Extinct species of flowering plant

Liquidambar changii is an extinct species of sweetgum in the Altingiaceae genus Liquidambar. Liquidambar changii is known from Middle Miocene fossils found in Central Washington.

==History and classification==
The species was first described from specimens of silicified infructescences in blocks of chert. The chert was recovered from the "Hi hole" site, one of the "county line hole" fossil localities north of Interstate 82 in Yakima County, Washington. The "Hi hole" site works strata which was thought to be part of the Museum Flow Package within the interbeds of the Sentinel Bluffs Unit of the central Columbia Plateau N_{2} Grande Ronde Basalt, Columbia River Basalt Group. The Museum Flow Package interbeds, designated the type locality, are dated to the middle Miocene and are approximately 15.6 million years old. Later re-evaluation of the "hi hole" site indicated that the site is included into a basalt flow, rather than part of the interbedded Museum flow package. The evaluation suggested the basalt is part of the Wanapum Basalt and that the fossils are possibly a little younger than formerly reported. Dating reported in 2007 of a related site near Ellensburg, Washington confirmed that the deposits worked are pockets within the basalt flows, and the 15.6 million year old date was accurate.

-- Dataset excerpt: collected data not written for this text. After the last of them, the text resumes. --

Lemma dist_geodesics_le u : 0 <= u <= T -> d (h1 u) (h2 u) <= 8 * cosh r * exp (u - T).
Proof.
  intros Hu. set (D := d (h1 u) (h2 u)).
  assert (HD : 0 <= D) by apply (dist_nonneg d_metric).
  pose proof (cosh_ge_1 r_nonneg). pose proof (sinh_pos T_pos).
  assert (0 <= sinh u) by (apply sinh_nonneg; lra).
  set (q := exp (u - T)).
  assert (Hq : 0 < q) by apply exp_pos.
  assert (Hsinh : sinh u <= sinh T * q).
  { unfold q, Rminus. rewrite exp_plus, exp_Ropp.
    apply (Rmult_le_reg_r (exp T)); [apply exp_pos|].
    replace (sinh T * (exp u * / exp T) * exp T) with (sinh T * exp u)
      by (field; pose proof (exp_pos T); lra).
    now apply sinh_mul_exp_le. }
  assert (Hcosh : cosh D - 1 <= (cosh r - 1) * (q * q)).
  { apply (Rmult_le_reg_r (sinh T * sinh T)); [nra|].
    pose proof (cosh_dist_geodesics_le Hu) as Hcmp. fold D in Hcmp.
    assert (sinh u * sinh u <= sinh T * q * (sinh T * q)) by nra.
    assert ((cosh r - 1) * (sinh u * sinh u) <= (cosh r - 1) * (sinh T * q * (sinh T * q)))
      by (apply Rmult_le_compat_l; lra).
    nra. }
  pose proof (sqr_le_cosh HD).
  apply Rsqr_incr_0_var; [unfold Rsqr|nra].
  nra.
Qed.

Lemma dist_geodesics_le_spread u :
  d (h1 u) (h2 u) <= spread r * exp ((u - T) / 2) + 4 * exp (- u / 2).
Proof.
  unfold spread. pose proof r_nonneg. pose proof (cosh_ge_1 r_nonneg).
  pose proof (exp_pos ((u - T) / 2)). pose proof (exp_pos (- u / 2)).
  destruct (Rle_or_lt 0 u) as [Hu0|Hu0]; [destruct (Rle_or_lt u T) as [HuT|HuT]|].
  - pose proof (dist_geodesics_le (conj Hu0 HuT)).
    assert (exp (u - T) <= exp ((u - T) / 2)) by (apply exp_le_compat; lra).
    assert (8 * cosh r * exp (u - T) <= 8 * cosh r * exp ((u - T) / 2))
      by (apply Rmult_le_compat_l; lra).
    nra.
  - pose proof (dist_triangle d_metric (h1 u) (h1 T) (h2 u)) as E1.
    pose proof (dist_triangle d_metric (h1 T) (h2 T) (h2 u)) as E2.
    rewrite geoP, Rabs_right in E1 by lra. rewrite geoP, Rabs_left1 in E2 by lra.
    pose proof (exp_ineq1_le ((u - T) / 2)).
    assert (r <= r * exp ((u - T) / 2)) by (pose proof (exp_ge_1 (x := (u - T) / 2)); nra).
    nra.
  - pose proof (dist_triangle d_metric (h1 u) (h1 0) (h2 u)) as E.
    rewrite (geoP h1 u 0), h12_0, geoP, Rabs_left, Rabs_right in E by lra.
    pose proof (exp_ineq1_le (- u / 2)).
    nra.
Qed.

Lemma distSH_flow_geodesics_le t :
  distSH (flow t h1) (flow t h2) <= 8 * (spread r * exp ((t - T) / 2) + 4 * exp (- t / 2)).
Proof.
  pose proof spread_pos.
  pose proof (exp_pos ((t - T) / 2)). pose proof (exp_pos (- t / 2)).
  apply (distSH_le d_metric); [nra|]. intros s. simpl.
  apply Rle_trans with (1 := dist_geodesics_le_spread (s + t)).
  replace ((s + t - T) / 2) with ((t - T) / 2 + s / 2) by field.
  replace (- (s + t) / 2) with (- t / 2 + - s / 2) by field.
  rewrite !exp_plus.
  assert (exp (s / 2) <= exp (Rabs s / 2))
    by (apply exp_le_compat; unfold Rabs; destruct Rcase_abs; lra).
  assert (exp (- s / 2) <= exp (Rabs s / 2))
    by (apply exp_le_compat; unfold Rabs; destruct Rcase_abs; lra).
  assert (0 <= spread r * exp ((t - T) / 2)) by nra.
  assert (0 <= 4 * exp (- t / 2)) by nra.
  nra.
Qed.

Lemma Hoelder_flow_geodesics_le (Phi : SH d -> R) L b : Hoelder Phi L b -> 0 < b <= 1 ->
  forall t, Rabs (Phi (flow t h1) - Phi (flow t h2))
  <= Rabs L * Rpower (8 * spread r) b * exp (b / 2 * (t - T))
     + Rabs L * Rpower 32 b * exp (- (b / 2 * t)).
Proof.
  intros HPhi Hb t. pose proof spread_pos.
  apply Rle_trans with (1 := Hoelder_abs HPhi _ _).
  rewrite !Rmult_assoc, <- Rmult_plus_distr_l.
  apply Rmult_le_compat_l; [apply Rabs_pos|].
  assert (Hx : 0 <= 8 * spread r * exp ((t - T) / 2))
    by (pose proof (exp_pos ((t - T) / 2)); nra).
  assert (Hy : 0 <= 32 * exp (- t / 2)) by (pose proof (exp_pos (- t / 2)); lra).
  apply Rle_trans with (hpow (8 * spread r * exp ((t - T) / 2) + 32 * exp (- t / 2)) b).
  { apply hpow_le_compat; [lra|]. pose proof (distSH_flow_geodesics_le t). lra. }
  apply Rle_trans with (1 := hpow_add_le Hx Hy Hb).
  rewrite !hpow_mul_exp by lra.
  replace (b * ((t - T) / 2)) with (b / 2 * (t - T)) by field.
  replace (b * (- t / 2)) with (- (b / 2 * t)) by field.
  lra.
Qed.

Lemma RInt_flow_geodesics_diff_le (Phi : SH d -> R) L b : Hoelder Phi L b -> 0 < b <= 1 ->
  Rabs (RInt (fun t => Phi (flow t h1)) 0 T - RInt (fun t => Phi (flow t h2)) 0 T)
  <= dPhi_bound L b r.
Proof.
  intros HPhi Hb.
  set (c1 := Rabs L * Rpower (8 * spread r) b). set (c2 := Rabs L * Rpower 32 b).
  assert (Hc1 : 0 <= c1) by (apply Rmult_le_pos; [apply Rabs_pos | left; apply Rpower_pos]).
  assert (Hc2 : 0 <= c2) by (apply Rmult_le_pos; [apply Rabs_pos | left; apply Rpower_pos]).
  destruct (RInt_exp_decay_le T (k := b / 2) ltac:(lra) Hc1 Hc2) as [Hex Hle].
  replace (dPhi_bound L b r) with ((c1 + c2) / (b / 2))
    by (unfold dPhi_bound, c1, c2; field; lra).
  apply Rle_trans with (2 := Hle).
  apply abs_RInt_sub_le; [lra | | | exact Hex | ].
  - intros x. apply (continuous_Hoelder_flow d_metric HPhi). lra.
  - intros x. apply (continuous_Hoelder_flow d_metric HPhi). lra.
  - intros t _. apply (Hoelder_flow_geodesics_le HPhi Hb).
Qed.

End CAT.

Theorem lemma4p2 :
  forall L beta : R, 0 < beta -> beta <= 1 ->
  exists Dhat : R -> R,
  forall (H : Type) (d : H -> H -> R),
    CAT_m1 d -> geodesically_complete d ->
  forall Phi : SH d -> R,
    in_calH Phi -> Hoelder Phi L beta ->
  forall (p : H) (g1 g2 : SH d) (T r : R),
    g1 0 = p -> g2 0 = p -> 0 <= T -> 0 <= r ->
    d (g1 T) (g2 T) <= r ->
    Rabs (dPhi Phi p (g1 T) - dPhi Phi p (g2 T)) <= Dhat r.
Proof.
  intros L beta Hb0 Hb1. exists (dPhi_bound L beta).
  intros H d Hcat _ Phi _ HPhi p g1 g2 T r <- Hg2 HT _ HdT.
  destruct HT as [HT | <-].
  - destruct (dPhi_geodesic (proj1 Hcat) Phi g1 HT) as (h1 & E10 & E1T & ->).
    rewrite <- Hg2.
    destruct (dPhi_geodesic (proj1 Hcat) Phi g2 HT) as (h2 & E20 & E2T & ->).
    apply (RInt_flow_geodesics_diff_le Hcat);
      [congruence | exact HT | congruence | exact HPhi | lra].
  - rewrite Hg2, Rminus_diag, Rabs_R0. now apply dPhi_bound_nonneg.
Qed.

At the time of study, the holotype infructescence, specimen UWBM 94723, and a series of paratype specimens are preserved in chert blocks housed in the Burke Museum of Natural History and Culture while an additional seven of the paratypes were part of the paleobotanical collections at Arizona State University. The specimens represent a range of preservation conditions, ranging from exposed on weathered surfaces of the chert, totally weathered out of the chert, and as hollow chert casts of the infructescences. A total of 42 specimens in chert were studied by paleobotanists Kathleen Pigg, Stefanie Ickert-Bond, and Jun Wen, with their 2004 type description being published in the American Journal of Botany. Pigg and team chose the specific epithet changii as a patronym honoring the Chinese botanist and ecologist Hung-ta Chang, for his work with the family Altingiaceae and for describing the living species Liquidambar acalycina.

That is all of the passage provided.